MCW #1284
Ming Zhao, PhD
Research at the Medical College of Wisconsin has demonstrated the unique imaging properties of 99mTc-duramycin which could meet the demanding criteria for a safe and accurate diagnostic cardiac imaging agent. Comprised of 19 amino acids, duramycin is the smallest known polypeptide with a defined 3-dimensional binding structure. Duramycin binds phosphatidylethanolamine (PtdE) at a 1:1 ratio with high affinity and exclusive specificity. PtdE is externalized to the surface of apoptotic cells and is also accessible in necrotic cells making it an ideal biomarker candidate for detection of acute coronary artery disease. This novel radiopharmaceutical has demonstrated favorable pharmacokinetic and biodistribution profiles in vivo with fast blood clearance and low hepatic and gastrointestinal uptake and allows prompt and conspicuous imaging within minutes after injection (Figure 1). In addition, 99mTc-duramycin has shown utility for binding to atherosclerotic plaque (Figure 2) demonstrating its broad applicability and potential as an ideal imaging agent for the detection of acute coronary artery disease.

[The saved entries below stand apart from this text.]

(* Let $\mathbb X=\langle X,\rho\rangle$ and $\mathbb Y=\langle Y,\sigma\rangle$ be countable structures with $\rho,\sigma$ equivalence relations, each having infinitely many singleton classes and exactly one class of size $n$ for every $n\ge2$, and such that $\mathbb X$ has exactly one infinite class while $\mathbb Y$ has exactly two infinite classes. Then $\mathbb X\equiv\mathbb Y$ (elementary equivalence), $\mathbb X\sim_c\mathbb Y$, and $\mathbb X\not\equiv_{\infty\omega}\mathbb Y$.
   Context: A condensation from $\langle X,\rho\rangle$ onto $\langle Y,\sigma\rangle$ is a bijection $F:X\to Y$ with $x\,\rho\,x'\Rightarrow F(x)\,\sigma\,F(x')$; $\mathbb X\sim_c\mathbb Y$ means condensations exist in both directions. $\equiv$ is first order elementary equivalence and $\equiv_{\infty\omega}$ is equivalence with respect to all $L_{\infty\omega}$-sentences (language with one binary relation symbol). *)

From Stdlib Require Import Arith List RelationClasses.
Import ListNotations.

Definition countable (X : Type) : Prop :=
  exists f : X -> nat, forall x y, f x = f y -> x = y.

Definition class_size {X : Type} (rho : X -> X -> Prop) (x : X) (n : nat) : Prop :=
  exists l : list X, NoDup l /\ length l = n /\ forall y, rho x y <-> In y l.

Definition infinite_class {X : Type} (rho : X -> X -> Prop) (x : X) : Prop :=
  ~ exists l : list X, forall y, rho x y -> In y l.

Definition inf_many_singletons {X : Type} (rho : X -> X -> Prop) : Prop :=
  ~ exists l : list X, forall x, (forall y, rho x y -> y = x) -> In x l.

Definition one_class_each_size {X : Type} (rho : X -> X -> Prop) : Prop :=
  forall n, 2 <= n ->
    exists x, class_size rho x n /\ forall x', class_size rho x' n -> rho x x'.

Definition exactly_one_infinite_class {X : Type} (rho : X -> X -> Prop) : Prop :=
  exists x, infinite_class rho x /\ forall z, infinite_class rho z -> rho x z.

Definition exactly_two_infinite_classes {X : Type} (rho : X -> X -> Prop) : Prop :=
  exists x1 x2, infinite_class rho x1 /\ infinite_class rho x2 /\ ~ rho x1 x2 /\
    forall z, infinite_class rho z -> rho x1 z \/ rho x2 z.

Definition condensation {X Y : Type} (rho : X -> X -> Prop) (sigma : Y -> Y -> Prop)
  (F : X -> Y) : Prop :=
  (forall x x', F x = F x' -> x = x') /\ (forall y, exists x, F x = y) /\
  (forall x x', rho x x' -> sigma (F x) (F x')).

Definition condenses {X Y : Type} (rho : X -> X -> Prop) (sigma : Y -> Y -> Prop) : Prop :=
  exists F : X -> Y, condensation rho sigma F.

Definition scons {X : Type} (x : X) (e : nat -> X) : nat -> X :=
  fun n => match n with 0 => x | S k => e k end.

Inductive form : Type :=
  | FRel : nat -> nat -> form
  | FEq : nat -> nat -> form
  | FNeg : form -> form
  | FAnd : form -> form -> form
  | FEx : form -> form.

Fixpoint closed_at (n : nat) (p : form) : Prop :=
  match p with
  | FRel i j | FEq i j => i < n /\ j < n
  | FNeg q => closed_at n q
  | FAnd q r => closed_at n q /\ closed_at n r
  | FEx q => closed_at (S n) q
  end.

Definition sentence (p : form) : Prop := closed_at 0 p.

Fixpoint sat {X : Type} (rho : X -> X -> Prop) (e : nat -> X) (p : form) : Prop :=
  match p with
  | FRel i j => rho (e i) (e j)
  | FEq i j => e i = e j
  | FNeg q => ~ sat rho e q
  | FAnd q r => sat rho e q /\ sat rho e r
  | FEx q => exists x, sat rho (scons x e) q
  end.

(* a sentence holds in a structure (structures here are nonempty) *)
Definition models {X : Type} (rho : X -> X -> Prop) (p : form) : Prop :=
  forall e : nat -> X, sat rho e p.

Definition elem_equiv {X Y : Type} (rho : X -> X -> Prop) (sigma : Y -> Y -> Prop) : Prop :=
  forall p, sentence p -> (models rho p <-> models sigma p).

Inductive iform : Type :=
  | IRel : nat -> nat -> iform
  | IEq : nat -> nat -> iform
  | INeg : iform -> iform
  | IConj : forall (I : Type), (I -> iform) -> iform
  | IEx : iform -> iform.

Fixpoint iclosed_at (n : nat) (p : iform) : Prop :=
  match p with
  | IRel i j | IEq i j => i < n /\ j < n
  | INeg q => iclosed_at n q
  | IConj J f => forall i : J, iclosed_at n (f i)
  | IEx q => iclosed_at (S n) q
  end.

Definition isentence (p : iform) : Prop := iclosed_at 0 p.

Fixpoint isat {X : Type} (rho : X -> X -> Prop) (e : nat -> X) (p : iform) : Prop :=
  match p with
  | IRel i j => rho (e i) (e j)
  | IEq i j => e i = e j
  | INeg q => ~ isat rho e q
  | IConj J f => forall i : J, isat rho e (f i)
  | IEx q => exists x, isat rho (scons x e) q
  end.

Definition imodels {X : Type} (rho : X -> X -> Prop) (p : iform) : Prop :=
  forall e : nat -> X, isat rho e p.

Definition linf_equiv {X Y : Type} (rho : X -> X -> Prop) (sigma : Y -> Y -> Prop) : Prop :=
  forall p, isentence p -> (imodels rho p <-> imodels sigma p).

(* For elementary equivalence, play the Ehrenfeucht-Fraisse game of [T] rounds keeping,
   besides equalities and the relation, the size of each chosen class truncated at [T]:
   a class of size [>= T] can be answered by a large finite class, as there is one of
   every size, and a fresh singleton by one of the infinitely many singletons.
   A condensation may merge classes: send the infinite class of X onto one infinite class
   of Y and the singletons of X onto the singletons together with the other infinite class
   (both are countably infinite sets); conversely send both infinite classes of Y into
   that of X; the n-classes correspond to each other.  Finally "there are two unrelated
   elements with infinite classes" is an L_{infinity omega} sentence, infinity of a class
   being the countable conjunction of "at least m elements", true in Y and false in X. *)

From Stdlib Require Import Arith List RelationClasses Lia Classical ClassicalEpsilon.
Import ListNotations.
(* Let $(M,\cdot,1)$ be a monoid, $\Sigma$ a finite alphabet, and $\ell:\Sigma^*\to M$ an $M$-language. If there exists a factorization $(g,f)$ on $L$ such that the set $\{S^{(g,f)}_\alpha(\ell)\mid\alpha\in\Sigma^*\}$ is finite, then $\ell$ is a recognizable $M$-language.
   Context: $L$ is the set of all functions $\Sigma^*\to M$ ($M$-languages); $\varepsilon$ is the empty word. For $m\in M$, $\ell\in L$, $m\cdot\ell$ is $\gamma\mapsto m\cdot\ell(\gamma)$. A factorization on $L$ is a pair $(g,f)$ of functions $g:L\to M$, $f:L\to L$ with $g(\ell)\cdot f(\ell)=\ell$ for all $\ell\in L$. For a word $\alpha$, $\Delta_\alpha:L\to L$ is $\Delta_\alpha(\ell)(\gamma)=\ell(\alpha\gamma)$. Define $S^{(g,f)}_\varepsilon$ as the identity on $L$ and $S^{(g,f)}_{\alpha\sigma}=f\circ\Delta_\sigma\circ S^{(g,f)}_\alpha$ for $\alpha\in\Sigma^*$, $\sigma\in\Sigma$. An $M$-DFA is a tuple $A=(Q,\Sigma,u,i_u,\delta,w,\rho)$ with $Q$ finite nonempty, $u\in Q$, $i_u\in M$, $\delta:Q\times\Sigma\to Q$, $w:Q\times\Sigma\to M$, $\rho:Q\to M$. Write $q\alpha$ for the extension of $\delta$ to words ($q\varepsilon=q$, $q(\alpha\sigma)=\delta(q\alpha,\sigma)$), and let $w^*(q,\varepsilon)=1$, $w^*(q,\alpha\sigma)=w^*(q,\alpha)\cdot w(q\alpha,\sigma)$. $A$ recognizes the $M$-language $\alpha\mapsto i_u\cdot w^*(u,\alpha)\cdot\rho(u\alpha)$. An $M$-language is recognizable if some $M$-DFA recognizes it. *)

From Stdlib Require List.
From mathcomp Require Import all_boot.
Unset Printing Implicit Defensive.

Definition is_monoid {M : Type} (op : M -> M -> M) (e : M) : Prop :=
  (forall a b c, op a (op b c) = op (op a b) c) /\
  (forall a, op e a = a) /\ (forall a, op a e = a).

(* Words over Sigma are seq Sigma; epsilon = [::]; alpha sigma = rcons alpha sigma. *)
Definition mlang (Sigma M : Type) := seq Sigma -> M.

Definition lscale {Sigma M : Type} (op : M -> M -> M) (m : M) (l : mlang Sigma M)
  : mlang Sigma M := fun g => op m (l g).

Definition is_factorization {Sigma M : Type} (op : M -> M -> M)
  (g : mlang Sigma M -> M) (f : mlang Sigma M -> mlang Sigma M) : Prop :=
  forall l, lscale op (g l) (f l) = l.

Definition Delta {Sigma M : Type} (a : seq Sigma) (l : mlang Sigma M) : mlang Sigma M :=
  fun gm => l (a ++ gm).

(* S_eps = id, S_{alpha sigma} = f o Delta_sigma o S_alpha *)
Fixpoint S_rev {Sigma M : Type} (f : mlang Sigma M -> mlang Sigma M)
  (ra : seq Sigma) (l : mlang Sigma M) : mlang Sigma M :=
  match ra with
  | [::] => l
  | s :: ra' => f (Delta [:: s] (S_rev f ra' l))
  end.
(* input alpha read left to right; S_rev works on the reversed word *)
Definition S_fac {Sigma M : Type} (f : mlang Sigma M -> mlang Sigma M)
  (a : seq Sigma) : mlang Sigma M -> mlang Sigma M := S_rev f (rev a).

Record MDFA (Sigma : finType) (M : Type) := {
  Q : finType;
  u : Q;
  i_u : M;
  delta : Q -> Sigma -> Q;
  wt : Q -> Sigma -> M;
  rho : Q -> M }.

Definition run {Sigma : finType} {M : Type} (A : MDFA Sigma M) (q : Q _ _ A)
  (a : seq Sigma) : Q _ _ A := foldl (delta _ _ A) q a.

(* w*(q,eps)=1, w*(q, alpha sigma) = w*(q,alpha) . w(q alpha, sigma) *)
Fixpoint wstar_rev {Sigma : finType} {M : Type} (op : M -> M -> M) (e : M)
  (A : MDFA Sigma M) (q : Q _ _ A) (ra : seq Sigma) : M :=
  match ra with
  | [::] => e
  | s :: ra' => op (wstar_rev op e A q ra') (wt _ _ A (run A q (rev ra')) s)
  end.
Definition wstar {Sigma : finType} {M : Type} (op : M -> M -> M) (e : M)
  (A : MDFA Sigma M) (q : Q _ _ A) (a : seq Sigma) : M := wstar_rev op e A q (rev a).

Definition recognized_by {Sigma : finType} {M : Type} (op : M -> M -> M) (e : M)
  (A : MDFA Sigma M) : mlang Sigma M :=
  fun a => op (op (i_u _ _ A) (wstar op e A (u _ _ A) a)) (rho _ _ A (run A (u _ _ A) a)).

Definition recognizable {Sigma : finType} {M : Type} (op : M -> M -> M) (e : M)
  (l : mlang Sigma M) : Prop :=
  exists A : MDFA Sigma M, forall a, recognized_by op e A a = l a.

(** If only finitely many residuals [S_α ℓ] occur, index them by a finite
    type [Q]; the automaton whose state [q] stands for the residual [L q],
    with [δ(q, σ) = f (Δ_σ (L q))] and [w(q, σ) = g (Δ_σ (L q))], reaches the
    state of [S_α ℓ] after reading [α], with accumulated weight [w*] such that
    [ℓ(α γ) = w*(α) · S_α ℓ (γ)] for every [γ]; taking [γ = ε] gives
    recognition of [ℓ]. *)

From Stdlib Require List.
From Stdlib Require Import ClassicalEpsilon Lia.
From mathcomp Require Import all_boot.

(* The extra index makes the index type inhabited even when [s] is empty. *)
Lemma exists_nth_index {X : Type} (s : list X) (d : X) :
  exists idx : X -> 'I_(List.length s).+1,
    forall x, List.In x s -> List.nth (idx x) s d = x.
Proof.
exists (fun x => epsilon (inhabits ord0)
                  (fun i : 'I_(List.length s).+1 => List.nth i s d = x)).
move=> x /(List.In_nth _ _ d) [n [n_lt nth_n]].
have n_ord : n < (List.length s).+1 by apply/ltP; lia.
exact: (epsilon_spec (inhabits ord0) (fun i : 'I__ => List.nth i s d = x)
          (ex_intro _ (Ordinal n_ord) nth_n)).
Qed.

Lemma S_fac_rcons {Sigma M : Type} (f : mlang Sigma M -> mlang Sigma M) a c l :
  S_fac f (rcons a c) l = f (Delta [:: c] (S_fac f a l)).
Proof. by rewrite /S_fac rev_rcons. Qed.

Lemma is_factorizationE {Sigma M : Type} {op : M -> M -> M} {g f} :
  is_factorization op g f -> forall (l : mlang Sigma M) gm, op (g l) (f l gm) = l gm.
Proof. move=> gf_fact l gm; exact: (f_equal (fun h => h gm) (gf_fact l)). Qed.

Section MDFARuns.

Variables (Sigma : finType) (M : Type) (op : M -> M -> M) (e : M).
Variable A : MDFA Sigma M.

Lemma run_rcons q a c : run A q (rcons a c) = delta _ _ A (run A q a) c.
Proof. exact: foldl_rcons. Qed.

Lemma wstar_nil q : wstar op e A q [::] = e.
Proof. by []. Qed.

Lemma wstar_rcons q a c :
  wstar op e A q (rcons a c) = op (wstar op e A q a) (wt _ _ A (run A q a) c).
Proof. by rewrite /wstar rev_rcons /= revK. Qed.

End MDFARuns.

Section ResidualAutomaton.

Variables (Sigma : finType) (M : Type) (op : M -> M -> M) (e : M).
Hypothesis opA : forall a b c, op a (op b c) = op (op a b) c.
Hypothesis op1m : forall a, op e a = a.

Variables (g : mlang Sigma M -> M) (f : mlang Sigma M -> mlang Sigma M).
Hypothesis gf_fact : is_factorization op g f.

Variables (l : mlang Sigma M) (Q : finType).
Variables (L : Q -> mlang Sigma M) (idx : mlang Sigma M -> Q).
Hypothesis L_idx : forall a, L (idx (S_fac f a l)) = S_fac f a l.

Definition residual_dfa : MDFA Sigma M :=
  Build_MDFA Sigma M Q (idx l) e
    (fun q c => idx (f (Delta [:: c] (L q))))
    (fun q c => g (Delta [:: c] (L q)))
    (fun q => L q [::]).

Lemma run_residual_dfa a : run residual_dfa (idx l) a = idx (S_fac f a l).
Proof.
elim/last_ind: a => [|a c IHa] //.
by rewrite run_rcons IHa /= L_idx -S_fac_rcons.
Qed.

Lemma residual_dfa_weight a gm :
  op (wstar op e residual_dfa (idx l) a) (S_fac f a l gm) = l (a ++ gm).
Proof.
elim/last_ind: a gm => [|a c IHa] gm; first by rewrite wstar_nil op1m.
rewrite wstar_rcons run_residual_dfa /= L_idx S_fac_rcons -opA.
by rewrite (is_factorizationE gf_fact) IHa cat_rcons.
Qed.

Lemma residual_dfa_recognizes a : recognized_by op e residual_dfa a = l a.
Proof.
rewrite /recognized_by /= op1m run_residual_dfa L_idx residual_dfa_weight.
by rewrite cats0.
Qed.

End ResidualAutomaton.

Theorem lemma3 (M : Type) (op : M -> M -> M) (e : M) (Sigma : finType)
  (l : mlang Sigma M) :
  is_monoid op e ->
  (exists (g : mlang Sigma M -> M) (f : mlang Sigma M -> mlang Sigma M),
     is_factorization op g f /\
     exists s : list (mlang Sigma M), forall a : seq Sigma, List.In (S_fac f a l) s) ->
  recognizable op e l.
Proof.
move=> [opA [op1m _]] [g [f [gf_fact [s residuals_in_s]]]].
have [idx nth_idx] := exists_nth_index s l.
pose L (q : 'I_(List.length s).+1) := List.nth q s l.
exists (residual_dfa _ _ e g f l _ L idx).
by apply: residual_dfa_recognizes => // a; apply/nth_idx/residuals_in_s.
Qed.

Among acute coronary syndrome (ACS) cases, the ones with atypical symptoms pose a significant challenge in emergency medicine. An imaging technique that can expedite, with specificity, the diagnosis of equivocal ACS cases could facilitate the management of chest pain in patients and provide further insight in understanding heart diseases. Imaging of acute cell death with a novel radiopharmaceutical, 99mTc-duramycin, allows for the rapid assessment (<3 hours) of heart tissue damage during cardiac infarction. The ability to discriminate cardiac infarction from other non-threatening maladies allows the patient to be released from the hospital instead of waiting up to 24 hours in a hospital bed awaiting laboratory results.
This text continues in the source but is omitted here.